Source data

(* Let $\mathbb X,\mathbb Y$ be Euclidean spaces, $\Phi\colon\mathbb X\rightrightarrows\mathbb Y$ with closed graph, $(\bar x,\bar y)\in\operatorname{gph}\Phi$ and $u\in\mathbb S_{\mathbb X}$. Each of the following three properties remains equivalent to itself when, in its definition, the requirement $x_k^*\in\widehat D^*\Phi(x_k,y_k)(\lambda_k)$ is replaced by $x_k^*\in D^*\Phi(x_k,y_k)(\lambda_k)$: (a) asymptotic regularity of $\Phi$ at $(\bar x,\bar y)$: for all sequences $(x_k,y_k)\in\operatorname{gph}\Phi$, $x_k^*$, $\lambda_k$ and $x^*$ with $x_k\to\bar x$, $y_k\to\bar y$, $x_k^*\to x^*$ and $x_k^*\in\widehat D^*\Phi(x_k,y_k)(\lambda_k)$ for all $k$, one has $x^*\in\operatorname{Im}D^*\Phi(\bar x,\bar y)$; (b) asymptotic regularity of $\Phi$ at $(\bar x,\bar y)$ in direction $u$: for all sequences $(x_k,y_k)\in\operatorname{gph}\Phi$, $x_k^*\in\mathbb X$, $\lambda_k\in\mathbb Y$ and $x^*\in\mathbb X$, $y^*\in\mathbb Y$ with $x_k\notin\Phi^{-1}(\bar y)$, $y_k\ne\bar y$, $x_k^*\in\widehat D^*\Phi(x_k,y_k)(\lambda_k)$ for all $k$ and the convergences (C): $x_k\to\bar x$, $y_k\to\bar y$, $x_k^*\to x^*$, $\frac{x_k-\bar x}{\|x_k-\bar x\|}\to u$, $\frac{y_k-\bar y}{\|x_k-\bar x\|}\to0$, $\frac{\|y_k-\bar y\|}{\|x_k-\bar x\|}\lambda_k\to y^*$, $\|\lambda_k\|\to\infty$, $\frac{y_k-\bar y}{\|y_k-\bar y\|}-\frac{\lambda_k}{\|\lambda_k\|}\to0$, one has $x^*\in\operatorname{Im}D^*\Phi(\bar x,\bar y)$; (c) strong asymptotic regularity of $\Phi$ at $(\bar x,\bar y)$ in direction $u$: the same as (b) but with conclusion $x^*\in\operatorname{Im}D^*\Phi((\bar x,\bar y);(u,0))$.
   Context: $\widehat D^*\Phi(x,y)(y^* )=\{x^*\mid(x^*,-y^* )\in\widehat{\mathcal N}_{\operatorname{gph}\Phi}(x,y)\}$ (regular coderivative), $D^*\Phi(x,y)(y^* )$ likewise with the limiting normal cone $\mathcal N$, and $D^*\Phi((\bar x,\bar y);(u,v))(y^* )=\{x^*\mid(x^*,-y^* )\in\mathcal N_{\operatorname{gph}\Phi}((\bar x,\bar y);(u,v))\}$ with the directional limiting normal cone $\mathcal N_Q(z;w)$ = set of $\eta$ with $w_k\to w$, $t_k\downarrow0$, $\eta_k\to\eta$, $\eta_k\in\widehat{\mathcal N}_Q(z+t_kw_k)$. $\operatorname{Im}\Psi:=\bigcup_{y^*}\Psi(y^* )$. *)

(* Euclidean spaces X = R^n, Y = R^m realised as
   row vectors 'rV[R]_n with the standard inner product and Euclidean norm. *)
From HB Require Import structures.
From mathcomp Require Import all_boot all_order all_algebra.
From mathcomp Require Import all_classical all_reals all_analysis.
Set Implicit Arguments. Unset Strict Implicit. Unset Printing Implicit Defensive.
Import Order.TTheory GRing.Theory Num.Theory.
Import numFieldNormedType.Exports.
Local Open Scope classical_set_scope.
Local Open Scope ring_scope.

* PROBLEM STATEMENT
In the entries above, find each line with the word "Scope" and return it.

* TASK OUTPUT
Local Open Scope classical_set_scope.
Local Open Scope ring_scope.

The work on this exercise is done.